> [SOURCE DATA]
______

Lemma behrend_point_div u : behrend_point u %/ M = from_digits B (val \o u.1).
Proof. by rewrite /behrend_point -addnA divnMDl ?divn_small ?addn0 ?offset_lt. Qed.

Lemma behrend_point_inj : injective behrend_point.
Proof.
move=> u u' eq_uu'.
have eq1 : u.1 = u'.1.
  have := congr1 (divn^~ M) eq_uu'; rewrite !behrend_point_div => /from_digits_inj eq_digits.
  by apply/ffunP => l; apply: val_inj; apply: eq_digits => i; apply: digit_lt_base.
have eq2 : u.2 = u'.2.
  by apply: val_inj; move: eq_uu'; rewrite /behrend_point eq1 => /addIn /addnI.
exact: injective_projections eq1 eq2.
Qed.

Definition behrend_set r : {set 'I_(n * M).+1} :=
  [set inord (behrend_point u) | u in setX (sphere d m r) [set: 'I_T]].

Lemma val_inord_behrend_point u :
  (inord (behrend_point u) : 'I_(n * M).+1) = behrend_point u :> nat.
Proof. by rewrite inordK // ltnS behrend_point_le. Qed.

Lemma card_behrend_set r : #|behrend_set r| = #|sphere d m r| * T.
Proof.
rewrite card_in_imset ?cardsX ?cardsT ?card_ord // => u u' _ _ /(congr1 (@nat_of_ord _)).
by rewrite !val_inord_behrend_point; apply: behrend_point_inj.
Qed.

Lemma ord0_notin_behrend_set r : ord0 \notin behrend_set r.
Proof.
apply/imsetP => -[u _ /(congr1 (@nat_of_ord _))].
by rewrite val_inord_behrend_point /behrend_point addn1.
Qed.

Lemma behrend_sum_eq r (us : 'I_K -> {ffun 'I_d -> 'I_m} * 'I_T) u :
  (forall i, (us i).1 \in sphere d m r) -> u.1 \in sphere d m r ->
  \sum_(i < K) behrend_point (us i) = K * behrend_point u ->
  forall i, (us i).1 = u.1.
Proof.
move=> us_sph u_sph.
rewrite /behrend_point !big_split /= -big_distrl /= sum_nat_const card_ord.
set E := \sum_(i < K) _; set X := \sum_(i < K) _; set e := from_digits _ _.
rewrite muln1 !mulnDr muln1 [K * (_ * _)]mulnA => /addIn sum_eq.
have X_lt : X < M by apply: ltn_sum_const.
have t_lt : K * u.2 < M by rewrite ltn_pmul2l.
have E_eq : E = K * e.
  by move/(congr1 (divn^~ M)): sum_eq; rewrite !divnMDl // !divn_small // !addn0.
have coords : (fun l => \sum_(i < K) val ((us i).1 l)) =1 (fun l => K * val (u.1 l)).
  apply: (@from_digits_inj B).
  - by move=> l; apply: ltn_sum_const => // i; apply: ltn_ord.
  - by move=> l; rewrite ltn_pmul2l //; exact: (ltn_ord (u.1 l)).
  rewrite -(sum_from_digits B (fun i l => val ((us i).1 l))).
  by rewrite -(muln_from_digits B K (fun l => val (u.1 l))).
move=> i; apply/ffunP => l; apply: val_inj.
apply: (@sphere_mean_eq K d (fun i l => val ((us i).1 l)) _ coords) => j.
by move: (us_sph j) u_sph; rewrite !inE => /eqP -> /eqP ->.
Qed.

______

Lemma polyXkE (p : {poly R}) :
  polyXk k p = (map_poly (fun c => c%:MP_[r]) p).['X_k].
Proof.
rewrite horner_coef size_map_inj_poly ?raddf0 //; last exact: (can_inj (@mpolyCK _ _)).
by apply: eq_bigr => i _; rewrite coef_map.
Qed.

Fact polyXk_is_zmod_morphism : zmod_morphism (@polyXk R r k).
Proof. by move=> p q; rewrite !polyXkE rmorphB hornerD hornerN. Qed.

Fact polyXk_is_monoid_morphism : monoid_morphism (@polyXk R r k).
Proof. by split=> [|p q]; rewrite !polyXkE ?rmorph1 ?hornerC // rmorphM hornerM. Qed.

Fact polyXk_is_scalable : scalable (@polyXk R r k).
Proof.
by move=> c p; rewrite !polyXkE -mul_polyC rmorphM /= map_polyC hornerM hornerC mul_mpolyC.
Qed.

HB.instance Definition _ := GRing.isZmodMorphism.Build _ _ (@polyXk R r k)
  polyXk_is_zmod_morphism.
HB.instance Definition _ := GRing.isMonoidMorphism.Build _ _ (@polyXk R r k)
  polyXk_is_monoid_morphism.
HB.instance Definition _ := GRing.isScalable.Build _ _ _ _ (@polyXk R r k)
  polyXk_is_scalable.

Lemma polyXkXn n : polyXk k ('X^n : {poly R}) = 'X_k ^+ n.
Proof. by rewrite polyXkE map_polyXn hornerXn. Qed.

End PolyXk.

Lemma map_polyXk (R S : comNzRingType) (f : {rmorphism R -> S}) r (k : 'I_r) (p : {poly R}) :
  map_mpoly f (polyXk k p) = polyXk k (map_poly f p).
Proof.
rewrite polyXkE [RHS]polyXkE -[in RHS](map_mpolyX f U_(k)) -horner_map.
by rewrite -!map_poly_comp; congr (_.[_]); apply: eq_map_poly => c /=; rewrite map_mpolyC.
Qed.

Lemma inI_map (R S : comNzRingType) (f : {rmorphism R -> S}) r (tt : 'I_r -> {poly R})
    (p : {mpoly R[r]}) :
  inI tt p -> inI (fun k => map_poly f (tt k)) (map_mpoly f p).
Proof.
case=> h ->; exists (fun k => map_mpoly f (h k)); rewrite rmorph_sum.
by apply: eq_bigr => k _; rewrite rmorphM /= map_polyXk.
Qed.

______

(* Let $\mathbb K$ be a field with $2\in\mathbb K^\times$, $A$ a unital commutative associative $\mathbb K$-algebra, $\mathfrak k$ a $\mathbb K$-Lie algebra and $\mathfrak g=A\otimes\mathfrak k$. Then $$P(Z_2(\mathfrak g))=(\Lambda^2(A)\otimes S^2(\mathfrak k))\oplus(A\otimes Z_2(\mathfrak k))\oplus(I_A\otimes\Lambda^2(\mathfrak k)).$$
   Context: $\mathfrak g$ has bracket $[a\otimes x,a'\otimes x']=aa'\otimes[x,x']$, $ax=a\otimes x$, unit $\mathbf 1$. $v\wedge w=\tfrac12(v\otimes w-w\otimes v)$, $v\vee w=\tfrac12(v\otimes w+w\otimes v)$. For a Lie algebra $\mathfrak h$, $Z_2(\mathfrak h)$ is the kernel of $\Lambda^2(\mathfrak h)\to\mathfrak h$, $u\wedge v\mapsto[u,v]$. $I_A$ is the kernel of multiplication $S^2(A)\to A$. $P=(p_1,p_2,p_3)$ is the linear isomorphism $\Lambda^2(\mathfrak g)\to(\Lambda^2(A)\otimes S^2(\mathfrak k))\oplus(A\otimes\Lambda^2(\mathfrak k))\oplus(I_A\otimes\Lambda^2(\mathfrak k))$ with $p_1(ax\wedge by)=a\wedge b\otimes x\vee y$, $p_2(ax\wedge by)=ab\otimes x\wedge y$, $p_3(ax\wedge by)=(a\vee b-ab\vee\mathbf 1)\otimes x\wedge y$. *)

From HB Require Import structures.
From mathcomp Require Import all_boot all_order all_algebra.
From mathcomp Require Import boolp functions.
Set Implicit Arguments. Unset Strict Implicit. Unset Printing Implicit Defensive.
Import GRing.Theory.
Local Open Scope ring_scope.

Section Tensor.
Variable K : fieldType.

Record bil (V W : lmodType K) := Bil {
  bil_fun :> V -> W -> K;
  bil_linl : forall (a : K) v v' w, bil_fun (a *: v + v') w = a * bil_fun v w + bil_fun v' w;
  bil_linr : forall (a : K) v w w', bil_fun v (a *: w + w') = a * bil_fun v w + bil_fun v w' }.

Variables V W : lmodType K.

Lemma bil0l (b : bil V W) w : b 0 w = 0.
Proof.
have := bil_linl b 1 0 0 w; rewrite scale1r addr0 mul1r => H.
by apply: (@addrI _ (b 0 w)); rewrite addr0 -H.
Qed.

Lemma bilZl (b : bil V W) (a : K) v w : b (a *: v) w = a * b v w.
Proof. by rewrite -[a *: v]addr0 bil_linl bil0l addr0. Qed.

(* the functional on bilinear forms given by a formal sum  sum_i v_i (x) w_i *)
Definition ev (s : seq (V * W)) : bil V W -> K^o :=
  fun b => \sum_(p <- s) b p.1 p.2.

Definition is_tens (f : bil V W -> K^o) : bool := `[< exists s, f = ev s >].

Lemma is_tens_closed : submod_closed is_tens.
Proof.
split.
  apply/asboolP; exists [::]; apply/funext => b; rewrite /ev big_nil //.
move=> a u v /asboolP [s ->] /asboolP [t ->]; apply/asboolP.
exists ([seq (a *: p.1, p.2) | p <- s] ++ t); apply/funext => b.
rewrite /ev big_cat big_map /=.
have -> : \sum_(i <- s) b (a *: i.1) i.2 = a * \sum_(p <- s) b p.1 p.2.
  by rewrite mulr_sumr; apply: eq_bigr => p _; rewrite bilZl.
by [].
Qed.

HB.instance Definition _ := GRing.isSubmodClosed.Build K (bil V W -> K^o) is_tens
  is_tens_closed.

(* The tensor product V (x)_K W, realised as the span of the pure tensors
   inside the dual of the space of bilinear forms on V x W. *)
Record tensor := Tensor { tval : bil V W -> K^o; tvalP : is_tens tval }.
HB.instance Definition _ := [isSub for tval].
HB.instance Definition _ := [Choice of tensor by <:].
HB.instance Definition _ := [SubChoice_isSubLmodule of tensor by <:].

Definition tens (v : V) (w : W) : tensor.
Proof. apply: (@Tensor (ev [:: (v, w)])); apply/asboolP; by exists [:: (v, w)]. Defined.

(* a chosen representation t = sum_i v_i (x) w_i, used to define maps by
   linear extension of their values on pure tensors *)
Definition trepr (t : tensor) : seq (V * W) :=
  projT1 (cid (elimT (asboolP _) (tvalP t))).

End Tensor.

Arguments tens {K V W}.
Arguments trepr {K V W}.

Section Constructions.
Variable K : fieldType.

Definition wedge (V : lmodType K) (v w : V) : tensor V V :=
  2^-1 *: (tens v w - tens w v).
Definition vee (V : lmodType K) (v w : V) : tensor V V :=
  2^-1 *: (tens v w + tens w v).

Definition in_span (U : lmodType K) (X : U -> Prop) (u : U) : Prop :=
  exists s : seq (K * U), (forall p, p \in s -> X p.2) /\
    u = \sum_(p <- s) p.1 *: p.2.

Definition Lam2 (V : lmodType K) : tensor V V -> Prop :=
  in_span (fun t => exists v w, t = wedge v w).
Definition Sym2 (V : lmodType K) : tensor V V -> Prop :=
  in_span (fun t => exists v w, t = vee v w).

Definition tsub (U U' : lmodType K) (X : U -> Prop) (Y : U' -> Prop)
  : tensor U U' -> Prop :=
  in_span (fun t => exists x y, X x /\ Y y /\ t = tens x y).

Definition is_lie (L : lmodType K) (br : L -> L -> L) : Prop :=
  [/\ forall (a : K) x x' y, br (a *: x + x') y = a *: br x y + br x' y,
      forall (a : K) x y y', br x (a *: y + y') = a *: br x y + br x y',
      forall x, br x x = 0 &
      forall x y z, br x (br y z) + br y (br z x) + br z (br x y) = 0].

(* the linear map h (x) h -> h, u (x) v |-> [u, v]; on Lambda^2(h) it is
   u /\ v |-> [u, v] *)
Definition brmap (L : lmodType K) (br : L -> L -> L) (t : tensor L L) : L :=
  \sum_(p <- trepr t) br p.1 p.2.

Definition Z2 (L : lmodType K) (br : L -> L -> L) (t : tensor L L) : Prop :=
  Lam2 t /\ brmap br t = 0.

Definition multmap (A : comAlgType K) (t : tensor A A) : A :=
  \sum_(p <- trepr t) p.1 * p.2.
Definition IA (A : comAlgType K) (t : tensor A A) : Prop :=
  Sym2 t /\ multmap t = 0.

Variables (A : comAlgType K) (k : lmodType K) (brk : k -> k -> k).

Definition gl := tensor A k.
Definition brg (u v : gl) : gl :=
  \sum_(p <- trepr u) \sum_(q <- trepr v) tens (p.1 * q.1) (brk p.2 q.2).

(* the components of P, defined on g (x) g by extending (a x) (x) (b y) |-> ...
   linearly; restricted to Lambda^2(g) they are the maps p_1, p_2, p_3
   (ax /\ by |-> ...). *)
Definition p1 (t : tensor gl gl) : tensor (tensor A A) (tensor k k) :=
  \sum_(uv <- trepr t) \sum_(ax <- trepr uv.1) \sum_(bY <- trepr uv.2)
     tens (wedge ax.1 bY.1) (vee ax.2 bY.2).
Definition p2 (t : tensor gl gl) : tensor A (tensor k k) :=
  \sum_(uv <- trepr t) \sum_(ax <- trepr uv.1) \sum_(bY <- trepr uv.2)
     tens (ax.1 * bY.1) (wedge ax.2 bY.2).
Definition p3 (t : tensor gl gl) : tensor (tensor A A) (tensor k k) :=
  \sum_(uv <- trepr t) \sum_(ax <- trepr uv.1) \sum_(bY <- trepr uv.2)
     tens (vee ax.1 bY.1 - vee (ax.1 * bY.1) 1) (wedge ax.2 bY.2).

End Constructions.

______

> [REQUIRED WORK] Return a word-for-word copy of the lines above from the one holding "Lemma behrend_point_div u" through the one holding "Definition behrend_set r", with both of them included and nothing besides.

> [RESULT FOR THIS TASK]
Lemma behrend_point_div u : behrend_point u %/ M = from_digits B (val \o u.1).
Proof. by rewrite /behrend_point -addnA divnMDl ?divn_small ?addn0 ?offset_lt. Qed.

Lemma behrend_point_inj : injective behrend_point.
Proof.
move=> u u' eq_uu'.
have eq1 : u.1 = u'.1.
  have := congr1 (divn^~ M) eq_uu'; rewrite !behrend_point_div => /from_digits_inj eq_digits.
  by apply/ffunP => l; apply: val_inj; apply: eq_digits => i; apply: digit_lt_base.
have eq2 : u.2 = u'.2.
  by apply: val_inj; move: eq_uu'; rewrite /behrend_point eq1 => /addIn /addnI.
exact: injective_projections eq1 eq2.
Qed.

Definition behrend_set r : {set 'I_(n * M).+1} :=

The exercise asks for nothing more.